SECURITIES AND EXCHANGE COMMISSION
WASHINGTON, D.C. 20549
Pursuant to Section 13 or 15(d) of the Securities Exchange Act of 1934
Date of Report:
December 27, 2019
Gaucho Group Holdings, Inc.
(Exact name of registrant as specified in its charter)
|State of||Commission||IRS Employer|
|Incorporation||File Number||Identification No.|
135 Fifth Ave., 10th Floor
New York, NY 10010
Address of principal executive offices
Telephone number, including
Former name or former address if changed since last report
Check the appropriate box below if the Form 8-K filing is intended to simultaneously satisfy the filing obligation of the registrant under any of the following provisions (see General Instruction A.2. below):
|[ ]||Written communication pursuant to Rule 425 under the Securities Act (17 CFR 230.425)|
|[ ]||Soliciting material pursuant to Rule 14a-12 under the Exchange Act (17 CFR 240.14a-12)|
|[ ]||Pre-commencement communication pursuant to Rule 14d-2(b) under the Exchange Act (17 CFR 240.14d-2(b))|
|[ ]||Pre-commencement communication pursuant to Rule 13e-4(c) under the Exchange Act (17 CFR 240.13e-4(c))|
Indicate by check mark whether the registrant is an emerging growth company as defined in Rule 405 of the Securities Act of 1933 (17 CFR §230.405) or Rule 12b-2 of the Securities Exchange Act of 1934 (17 CFR §240.12b-2).
Emerging growth company [X]
If an emerging growth company, indicate by check mark if the registrant has elected not to use the extended transition period for complying with any new or revised financial accounting standards provided pursuant to Section 13(a) of the Exchange Act. [X]

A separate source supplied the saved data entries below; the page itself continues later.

Lemma nbhdS I J : I \subset J -> nbhd e I \subset nbhd e J.
Proof.
move=> sIJ; apply/subsetP => u /nbhdP[v vI evu].
by apply/nbhdP; exists v; rewrite ?(subsetP sIJ).
Qed.

Lemma indepW S S' A B : indep e S A -> B \subset A -> B \subset S' -> indep e S' B.
Proof.
move=> /indepP[_ eA] sBA sBS'; apply/indepP; split => // x y xB yB.
by apply: eA; apply: (subsetP sBA).
Qed.

Lemma indep0 S : indep e S set0.
Proof. by apply/indepP; split => [|x]; rewrite ?sub0set ?inE. Qed.

Lemma card_le_alpha S A : indep e S A -> #|A| <= alpha e S.
Proof. exact: (@leq_bigmax_cond _ (indep e S) (fun B : {set T} => #|B|)). Qed.

Lemma alpha_witness S : exists2 A, indep e S A & #|A| = alpha e S.
Proof.
have : 0 < #|[pred A | indep e S A]| by apply/card_gt0P; exists set0; rewrite inE indep0.
move/(eq_bigmax_cond (fun A : {set T} => #|A|)) => [A]; rewrite inE => iA mA.
by exists A; rewrite // /alpha mA.
Qed.

Lemma alpha0 : alpha e set0 = 0.
Proof.
have [A /indepP[sA0 _] <-] := alpha_witness set0.
by apply/eqP; rewrite cards_eq0 -subset0.
Qed.

Lemma alphaS S S' : S \subset S' -> alpha e S <= alpha e S'.
Proof.
move=> sSS'; have [A iA <-] := alpha_witness S; apply: card_le_alpha.
by apply: (indepW iA (subxx A)); apply: subset_trans sSS'; case/andP: iA.
Qed.

Lemma alpha_setID X C : alpha e X <= alpha e C + alpha e (X :\: C).
Proof.
have [A iA <-] := alpha_witness X; rewrite -(cardsID C A).
have sAX : A \subset X by case/andP: iA.
apply: leq_add; apply: card_le_alpha; apply: (indepW iA);
  by rewrite ?subsetIl ?subsetIr ?subsetDl ?setSD.
Qed.

Lemma alpha_setU A B : A :&: B = set0 -> {in A & B, forall a b, ~~ e a b} ->
  alpha e A + alpha e B <= alpha e (A :|: B).
Proof.
move=> AB0 eAB.
have [X /indepP[sXA eX] <-] := alpha_witness A.
have [Y /indepP[sYB eY] <-] := alpha_witness B.
have XY0 : X :&: Y = set0 by apply/eqP; rewrite -subset0 -AB0 setISS.
rewrite -cardsUI XY0 cards0 addn0; apply: card_le_alpha.
apply/indepP; split; first exact: setUSS.
have eXY x y : x \in X -> y \in Y -> ~~ e x y.
  by move=> xX yY; apply: eAB; rewrite ?(subsetP sXA) ?(subsetP sYB).
move=> x y /setUP[xX|xY] /setUP[yX|yY]; [exact: eX | exact: eXY | | exact: eY].
by rewrite e_sym; apply: eXY.
Qed.

Lemma imin_le S A : maxindep e S A -> imin e S <= #|A|.
Proof.
(* [minn] with unit [#|T|] is not a monoid law, so we unfold the big operator. *)
move=> mA; rewrite /imin; have : A \in index_enum {set T} by rewrite mem_index_enum.
elim: (index_enum _) => [|B r IHr] //=; rewrite big_cons inE => /predU1P[<-|Ar].
  by rewrite mA geq_minl.
by case: ifP => _; rewrite ?geq_min IHr ?orbT.
Qed.

Lemma maxindep_exists S : exists A, maxindep e S A.
Proof.
have [A iA cA] := alpha_witness S; exists A; apply/maxindepP; split => // v vS vA.
apply/exists_inP; apply: contraT; rewrite negb_exists_in => /forall_inP vA'.
have /card_le_alpha : indep e S (v |: A).
  move/indepP: iA => [sAS eA]; apply/indepP; split; first by rewrite subUset sub1set vS.
  move=> x y /setU1P[->|xA] /setU1P[->|yA]; [by rewrite e_irr | exact: vA' | | exact: eA].
  by rewrite e_sym; apply: vA'.
by rewrite cardsU1 vA cA ltnn.
Qed.

Lemma imin_witness S : exists2 A, maxindep e S A & #|A| = imin e S.
Proof.
have [A0 mA0] := maxindep_exists S.
have : imin e S = #|T| \/ exists2 A, maxindep e S A & #|A| = imin e S.
  rewrite /imin; apply: (big_ind (fun n => n = #|T| \/ exists2 A, maxindep e S A & #|A| = n));
    [by left | by move=> m n; rewrite /minn; case: ifP | by move=> A mA; right; exists A].
case=> // iminT; exists A0 => //.
by apply/eqP; rewrite eqn_leq imin_le // iminT max_card.
Qed.

Lemma nbhd_cover I X :
  exists I', [/\ I' \subset I, #|I'| <= #|X| & X :&: nbhd e I \subset nbhd e I'].
Proof.
pose f w := odflt w [pick v in I | e v w].
have fP w : w \in nbhd e I -> f w \in I /\ e (f w) w.
  case/nbhdP => v vI evw; rewrite /f; case: pickP => [u /andP[] //|/(_ v)].
  by rewrite vI evw.
exists (f @: (X :&: nbhd e I)); split.
- by apply/subsetP => _ /imsetP[w /setIP[_ /fP[fwI _]] ->].
- by rewrite (leq_trans (leq_imset_card _ _)) ?subset_leq_card ?subsetIl.
- apply/subsetP => w wXN; have /setIP[_ /fP[_ efw]] := wXN.
  by apply/nbhdP; exists (f w); first exact: imset_f.
Qed.

End IndependentSets.

Section ClosedSets.
Variables (T : finType) (e : rel T) (V : {set T}).
Hypotheses (e_sym : symmetric e) (e_irr : irreflexive e).
Implicit Types (S A B C I M W X Y : {set T}).

(* A union of connected components of G[V]. *)
Definition adj_closed X : Prop := X \subset V /\ {in X & V, forall x y, e x y -> y \in X}.

Lemma adj_closed0 : adj_closed set0.
Proof. by split=> [|x]; rewrite ?sub0set ?inE. Qed.

Lemma adj_closedT : adj_closed V.
Proof. by split=> // x y _ ->. Qed.

Lemma adj_closed_noedge W : adj_closed W -> {in W & V :\: W, forall a b, ~~ e a b}.
Proof.
by move=> [_ cW] a b aW /setDP[bV bW]; apply: contra bW; apply: cW.
Qed.

Lemma adj_closedU X Y : adj_closed X -> adj_closed Y -> adj_closed (X :|: Y).
Proof.
move=> [sXV cX] [sYV cY]; split=> [|a b /setUP[aX|aY] bV eab]; first by rewrite subUset sXV.
- by apply/setUP; left; apply: cX eab.
- by apply/setUP; right; apply: cY eab.
Qed.

Lemma adj_closedD X C : adj_closed X -> adj_closed C -> adj_closed (X :\: C).
Proof.
move=> [sXV cX] cC; split=> [|a b /setDP[aX aC] bV eab].
  exact: subset_trans (subsetDl _ _) sXV.
rewrite inE (cX a b aX bV eab) andbT; apply/negP => bC.
have aVC : a \in V :\: C by rewrite inE aC (subsetP sXV).
by have := adj_closed_noedge cC bC aVC; rewrite e_sym eab.
Qed.

Lemma adj_closed_connect X : adj_closed X -> closed (induced_rel e V) X.
Proof.
move=> [_ cX] x y /andP[/andP[exy xV] yV].
apply/idP/idP => [xX|yX]; first exact: cX x y xX yV exy.
by apply: (cX y x yX xV); rewrite e_sym.
Qed.

Lemma comp_in_sub X x : adj_closed X -> x \in X -> comp_in e V x \subset X.
Proof.
move=> cX xX; apply/subsetP => y; rewrite inE => /(closed_connect (adj_closed_connect cX)).
by rewrite xX => <-.
Qed.

Lemma adj_closed_comp_in x : x \in V -> adj_closed (comp_in e V x).
Proof.
move=> xV; have sCV := comp_in_sub adj_closedT xV.
split=> // a b; rewrite !inE => cxa bV eab; apply: (connect_trans cxa); apply: connect1.
by rewrite /induced_rel /= eab bV (subsetP sCV) // inE.
Qed.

Securities registered pursuant to Section 12(b) of the Act:
|Title of each class||Trading Symbol(s)||Name of each exchange on which registered|
Item 1.01 Entry into a Material Definitive Agreement.
This Current Report on Form 8-K/A of Gaucho Group Holdings, Inc. (the “Company”) amends the Company’s Current Report on Form 8-K dated December 27, 2019 and filed with the Securities and Exchange Commission on January 6, 2020 (the “Original Filing”).
As disclosed in the Original Filing, the Company summarized the expense sharing agreement it entered into with Hollywood Burger Holdings, Inc. (“HBH”) and the Company to share certain expenses (the “ESA”). The correct date of the ESA was April 1, 2010. The ESA was then subsequently amended on April 1, 2011 with its latest amendment on December 27, 2019.
Except as described herein, no other changes have been made to our Current Report on Form 8-K filed on January 6, 2019.
Pursuant to the requirements of the Securities Exchange Act of 1934, the registrant caused this report to be signed on its behalf by the undersigned, thereunto duly authorized, on the 8th day of January 2020.